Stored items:
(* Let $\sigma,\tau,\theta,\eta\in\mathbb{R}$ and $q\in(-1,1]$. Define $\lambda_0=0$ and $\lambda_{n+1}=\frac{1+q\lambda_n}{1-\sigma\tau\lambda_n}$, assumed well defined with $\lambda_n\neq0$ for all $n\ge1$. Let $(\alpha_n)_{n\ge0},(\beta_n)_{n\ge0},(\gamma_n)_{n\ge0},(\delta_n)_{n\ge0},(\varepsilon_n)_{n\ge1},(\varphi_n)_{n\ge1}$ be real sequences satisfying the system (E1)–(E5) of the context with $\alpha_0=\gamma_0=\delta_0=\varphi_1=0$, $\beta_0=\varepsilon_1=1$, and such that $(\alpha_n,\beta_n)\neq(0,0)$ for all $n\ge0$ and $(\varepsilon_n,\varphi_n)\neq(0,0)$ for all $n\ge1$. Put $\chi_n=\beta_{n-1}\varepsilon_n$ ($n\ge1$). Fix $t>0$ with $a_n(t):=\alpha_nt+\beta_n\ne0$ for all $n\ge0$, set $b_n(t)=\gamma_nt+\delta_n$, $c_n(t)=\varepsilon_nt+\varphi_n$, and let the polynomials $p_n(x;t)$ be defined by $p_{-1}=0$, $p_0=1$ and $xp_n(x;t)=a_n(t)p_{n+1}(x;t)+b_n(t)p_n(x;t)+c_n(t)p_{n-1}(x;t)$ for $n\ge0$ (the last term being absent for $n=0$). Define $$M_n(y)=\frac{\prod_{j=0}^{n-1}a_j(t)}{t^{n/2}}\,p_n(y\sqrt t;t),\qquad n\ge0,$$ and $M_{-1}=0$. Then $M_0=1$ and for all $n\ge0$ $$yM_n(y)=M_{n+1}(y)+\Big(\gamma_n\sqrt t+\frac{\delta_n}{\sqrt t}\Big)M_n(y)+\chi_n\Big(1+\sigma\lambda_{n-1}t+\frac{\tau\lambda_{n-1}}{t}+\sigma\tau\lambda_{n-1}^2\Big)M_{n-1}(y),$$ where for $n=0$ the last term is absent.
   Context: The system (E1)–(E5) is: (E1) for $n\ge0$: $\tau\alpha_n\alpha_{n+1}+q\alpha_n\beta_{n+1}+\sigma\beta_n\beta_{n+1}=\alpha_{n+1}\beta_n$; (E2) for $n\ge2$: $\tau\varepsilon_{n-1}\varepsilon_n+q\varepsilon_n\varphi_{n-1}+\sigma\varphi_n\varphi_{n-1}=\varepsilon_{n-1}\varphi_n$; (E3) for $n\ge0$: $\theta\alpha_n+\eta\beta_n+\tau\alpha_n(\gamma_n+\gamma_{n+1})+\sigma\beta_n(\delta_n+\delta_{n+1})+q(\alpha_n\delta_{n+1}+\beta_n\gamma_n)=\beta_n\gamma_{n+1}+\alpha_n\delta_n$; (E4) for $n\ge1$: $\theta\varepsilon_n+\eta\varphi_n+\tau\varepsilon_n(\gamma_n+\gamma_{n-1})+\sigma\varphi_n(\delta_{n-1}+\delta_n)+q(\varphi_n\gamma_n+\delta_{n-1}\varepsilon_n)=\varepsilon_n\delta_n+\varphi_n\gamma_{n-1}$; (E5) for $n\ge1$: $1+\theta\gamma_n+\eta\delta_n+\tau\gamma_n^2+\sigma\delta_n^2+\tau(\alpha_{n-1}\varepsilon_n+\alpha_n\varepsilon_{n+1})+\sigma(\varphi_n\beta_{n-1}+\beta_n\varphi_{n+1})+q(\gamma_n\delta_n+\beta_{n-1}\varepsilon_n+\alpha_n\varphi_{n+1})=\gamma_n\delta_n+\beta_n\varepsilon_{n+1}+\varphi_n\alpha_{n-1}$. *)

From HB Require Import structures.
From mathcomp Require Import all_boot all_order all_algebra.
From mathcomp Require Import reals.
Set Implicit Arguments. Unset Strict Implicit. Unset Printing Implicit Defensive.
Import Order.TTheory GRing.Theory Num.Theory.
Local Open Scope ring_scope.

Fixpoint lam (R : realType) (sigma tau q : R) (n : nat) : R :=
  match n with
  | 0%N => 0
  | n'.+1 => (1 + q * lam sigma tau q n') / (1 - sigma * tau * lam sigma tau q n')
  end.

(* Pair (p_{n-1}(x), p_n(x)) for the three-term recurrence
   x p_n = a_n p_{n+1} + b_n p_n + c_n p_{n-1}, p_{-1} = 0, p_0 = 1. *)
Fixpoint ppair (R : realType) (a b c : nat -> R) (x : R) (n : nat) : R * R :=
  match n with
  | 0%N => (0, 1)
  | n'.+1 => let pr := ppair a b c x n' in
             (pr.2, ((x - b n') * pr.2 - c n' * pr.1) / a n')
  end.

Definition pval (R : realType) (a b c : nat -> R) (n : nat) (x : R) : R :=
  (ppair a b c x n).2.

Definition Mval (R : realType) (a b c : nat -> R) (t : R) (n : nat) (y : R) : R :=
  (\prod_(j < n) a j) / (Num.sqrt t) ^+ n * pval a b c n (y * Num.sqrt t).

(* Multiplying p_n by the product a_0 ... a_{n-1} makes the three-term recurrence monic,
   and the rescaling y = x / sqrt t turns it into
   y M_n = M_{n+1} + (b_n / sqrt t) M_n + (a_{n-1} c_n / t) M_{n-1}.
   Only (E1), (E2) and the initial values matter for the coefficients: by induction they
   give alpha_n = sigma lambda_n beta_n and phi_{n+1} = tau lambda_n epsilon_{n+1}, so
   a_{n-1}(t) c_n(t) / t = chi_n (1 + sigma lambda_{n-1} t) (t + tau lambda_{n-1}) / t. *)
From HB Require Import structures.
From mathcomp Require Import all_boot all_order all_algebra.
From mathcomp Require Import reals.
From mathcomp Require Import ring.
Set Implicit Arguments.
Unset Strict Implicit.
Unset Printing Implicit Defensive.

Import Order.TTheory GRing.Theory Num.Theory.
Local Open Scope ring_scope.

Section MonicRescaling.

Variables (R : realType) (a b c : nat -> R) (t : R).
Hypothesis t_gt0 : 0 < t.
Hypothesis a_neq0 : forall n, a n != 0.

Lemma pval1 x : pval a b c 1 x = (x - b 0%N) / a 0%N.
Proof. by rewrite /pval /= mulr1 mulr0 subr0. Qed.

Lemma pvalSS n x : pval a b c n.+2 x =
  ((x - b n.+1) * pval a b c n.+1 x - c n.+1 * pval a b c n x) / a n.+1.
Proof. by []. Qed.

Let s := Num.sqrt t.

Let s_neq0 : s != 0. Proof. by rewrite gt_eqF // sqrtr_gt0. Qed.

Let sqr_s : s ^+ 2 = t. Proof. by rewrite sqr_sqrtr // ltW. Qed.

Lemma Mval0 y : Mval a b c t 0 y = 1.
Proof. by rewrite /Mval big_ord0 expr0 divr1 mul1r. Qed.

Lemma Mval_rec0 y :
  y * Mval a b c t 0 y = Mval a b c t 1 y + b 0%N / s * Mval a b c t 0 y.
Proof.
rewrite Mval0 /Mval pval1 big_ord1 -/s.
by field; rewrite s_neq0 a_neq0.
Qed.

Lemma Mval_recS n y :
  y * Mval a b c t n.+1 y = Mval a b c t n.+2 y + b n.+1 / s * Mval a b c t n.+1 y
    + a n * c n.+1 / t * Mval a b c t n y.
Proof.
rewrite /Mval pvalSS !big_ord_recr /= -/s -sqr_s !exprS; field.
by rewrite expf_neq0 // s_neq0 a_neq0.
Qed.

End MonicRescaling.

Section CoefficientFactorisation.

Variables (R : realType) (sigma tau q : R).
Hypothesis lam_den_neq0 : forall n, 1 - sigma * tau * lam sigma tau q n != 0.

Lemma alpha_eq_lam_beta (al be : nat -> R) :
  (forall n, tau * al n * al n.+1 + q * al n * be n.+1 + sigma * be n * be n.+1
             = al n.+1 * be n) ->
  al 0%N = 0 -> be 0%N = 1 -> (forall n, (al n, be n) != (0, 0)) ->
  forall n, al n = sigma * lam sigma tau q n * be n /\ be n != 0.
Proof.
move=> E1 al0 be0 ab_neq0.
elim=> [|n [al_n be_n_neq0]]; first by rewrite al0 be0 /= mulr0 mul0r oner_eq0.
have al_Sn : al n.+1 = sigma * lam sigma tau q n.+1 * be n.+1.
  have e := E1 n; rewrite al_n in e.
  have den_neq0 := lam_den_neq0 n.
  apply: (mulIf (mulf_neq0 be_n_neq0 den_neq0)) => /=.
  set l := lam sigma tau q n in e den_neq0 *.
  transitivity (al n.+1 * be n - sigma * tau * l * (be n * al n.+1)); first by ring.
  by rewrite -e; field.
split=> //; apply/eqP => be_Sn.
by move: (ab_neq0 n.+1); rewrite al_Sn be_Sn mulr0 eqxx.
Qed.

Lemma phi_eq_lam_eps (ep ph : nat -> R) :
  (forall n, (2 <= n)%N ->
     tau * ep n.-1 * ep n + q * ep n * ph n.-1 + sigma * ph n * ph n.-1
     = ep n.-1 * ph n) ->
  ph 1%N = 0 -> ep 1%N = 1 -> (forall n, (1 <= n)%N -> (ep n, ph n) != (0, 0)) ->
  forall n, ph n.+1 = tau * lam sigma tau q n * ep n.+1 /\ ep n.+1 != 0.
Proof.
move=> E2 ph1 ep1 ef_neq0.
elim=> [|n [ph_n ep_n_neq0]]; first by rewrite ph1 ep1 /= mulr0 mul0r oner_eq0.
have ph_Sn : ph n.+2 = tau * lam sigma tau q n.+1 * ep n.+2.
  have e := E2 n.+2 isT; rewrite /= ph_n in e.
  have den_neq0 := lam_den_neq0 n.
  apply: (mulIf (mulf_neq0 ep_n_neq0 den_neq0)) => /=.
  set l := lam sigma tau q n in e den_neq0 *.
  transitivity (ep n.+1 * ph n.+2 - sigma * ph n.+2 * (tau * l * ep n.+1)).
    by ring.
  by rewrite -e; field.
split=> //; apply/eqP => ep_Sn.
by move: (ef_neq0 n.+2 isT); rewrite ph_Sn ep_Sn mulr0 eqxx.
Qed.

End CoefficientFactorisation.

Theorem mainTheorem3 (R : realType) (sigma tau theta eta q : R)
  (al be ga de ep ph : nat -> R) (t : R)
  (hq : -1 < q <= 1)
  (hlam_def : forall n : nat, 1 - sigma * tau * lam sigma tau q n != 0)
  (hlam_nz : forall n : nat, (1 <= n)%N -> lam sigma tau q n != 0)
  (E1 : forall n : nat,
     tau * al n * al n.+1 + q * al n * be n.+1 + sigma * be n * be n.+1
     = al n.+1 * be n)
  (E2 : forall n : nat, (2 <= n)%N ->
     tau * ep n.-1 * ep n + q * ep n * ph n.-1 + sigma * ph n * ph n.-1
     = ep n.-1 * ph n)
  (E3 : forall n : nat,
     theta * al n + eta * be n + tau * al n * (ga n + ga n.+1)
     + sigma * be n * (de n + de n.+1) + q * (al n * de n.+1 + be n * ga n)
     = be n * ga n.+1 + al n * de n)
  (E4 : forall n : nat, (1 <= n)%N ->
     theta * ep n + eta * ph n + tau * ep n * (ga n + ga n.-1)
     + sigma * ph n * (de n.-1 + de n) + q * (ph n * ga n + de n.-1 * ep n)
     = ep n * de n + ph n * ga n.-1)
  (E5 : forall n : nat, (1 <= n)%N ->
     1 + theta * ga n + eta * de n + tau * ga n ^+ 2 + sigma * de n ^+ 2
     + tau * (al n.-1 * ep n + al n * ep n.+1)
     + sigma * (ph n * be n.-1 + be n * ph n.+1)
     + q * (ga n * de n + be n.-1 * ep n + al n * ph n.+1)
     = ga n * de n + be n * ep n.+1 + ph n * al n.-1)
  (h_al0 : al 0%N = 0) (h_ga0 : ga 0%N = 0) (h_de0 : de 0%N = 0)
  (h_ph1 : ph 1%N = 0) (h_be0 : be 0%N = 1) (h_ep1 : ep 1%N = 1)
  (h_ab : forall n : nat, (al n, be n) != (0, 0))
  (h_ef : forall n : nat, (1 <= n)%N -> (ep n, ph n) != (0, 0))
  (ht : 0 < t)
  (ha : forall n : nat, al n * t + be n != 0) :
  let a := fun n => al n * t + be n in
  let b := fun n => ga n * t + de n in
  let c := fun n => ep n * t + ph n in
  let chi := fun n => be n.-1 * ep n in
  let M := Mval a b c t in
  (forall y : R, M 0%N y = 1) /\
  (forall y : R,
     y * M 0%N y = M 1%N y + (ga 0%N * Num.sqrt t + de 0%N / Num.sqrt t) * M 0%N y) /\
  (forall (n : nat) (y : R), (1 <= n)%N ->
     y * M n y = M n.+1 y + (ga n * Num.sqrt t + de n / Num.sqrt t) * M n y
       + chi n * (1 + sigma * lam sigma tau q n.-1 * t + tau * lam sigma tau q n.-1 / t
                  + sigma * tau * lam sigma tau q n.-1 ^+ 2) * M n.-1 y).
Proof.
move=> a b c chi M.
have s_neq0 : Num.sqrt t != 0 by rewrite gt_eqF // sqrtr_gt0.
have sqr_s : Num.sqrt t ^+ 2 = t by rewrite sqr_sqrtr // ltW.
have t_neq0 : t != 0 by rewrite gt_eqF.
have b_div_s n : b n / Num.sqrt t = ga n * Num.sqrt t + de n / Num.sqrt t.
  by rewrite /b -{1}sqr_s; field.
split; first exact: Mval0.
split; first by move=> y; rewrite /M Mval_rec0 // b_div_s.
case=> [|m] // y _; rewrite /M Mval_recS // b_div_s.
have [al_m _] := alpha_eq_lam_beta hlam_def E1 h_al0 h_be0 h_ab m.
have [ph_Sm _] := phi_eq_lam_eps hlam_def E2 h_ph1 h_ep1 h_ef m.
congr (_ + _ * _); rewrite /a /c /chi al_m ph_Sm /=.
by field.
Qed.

(PROBLEM TO WORK ON): Transcribe, exactly and without additions, the lines of the records above, beginning with the line that contains "(hq : -1 < q <= 1)" and ending with the line that contains "(E5 : forall n : nat, (1 <= n)%N ->", both included.

(ANSWER BOX):
  (hq : -1 < q <= 1)
  (hlam_def : forall n : nat, 1 - sigma * tau * lam sigma tau q n != 0)
  (hlam_nz : forall n : nat, (1 <= n)%N -> lam sigma tau q n != 0)
  (E1 : forall n : nat,
     tau * al n * al n.+1 + q * al n * be n.+1 + sigma * be n * be n.+1
     = al n.+1 * be n)
  (E2 : forall n : nat, (2 <= n)%N ->
     tau * ep n.-1 * ep n + q * ep n * ph n.-1 + sigma * ph n * ph n.-1
     = ep n.-1 * ph n)
  (E3 : forall n : nat,
     theta * al n + eta * be n + tau * al n * (ga n + ga n.+1)
     + sigma * be n * (de n + de n.+1) + q * (al n * de n.+1 + be n * ga n)
     = be n * ga n.+1 + al n * de n)
  (E4 : forall n : nat, (1 <= n)%N ->
     theta * ep n + eta * ph n + tau * ep n * (ga n + ga n.-1)
     + sigma * ph n * (de n.-1 + de n) + q * (ph n * ga n + de n.-1 * ep n)
     = ep n * de n + ph n * ga n.-1)
  (E5 : forall n : nat, (1 <= n)%N ->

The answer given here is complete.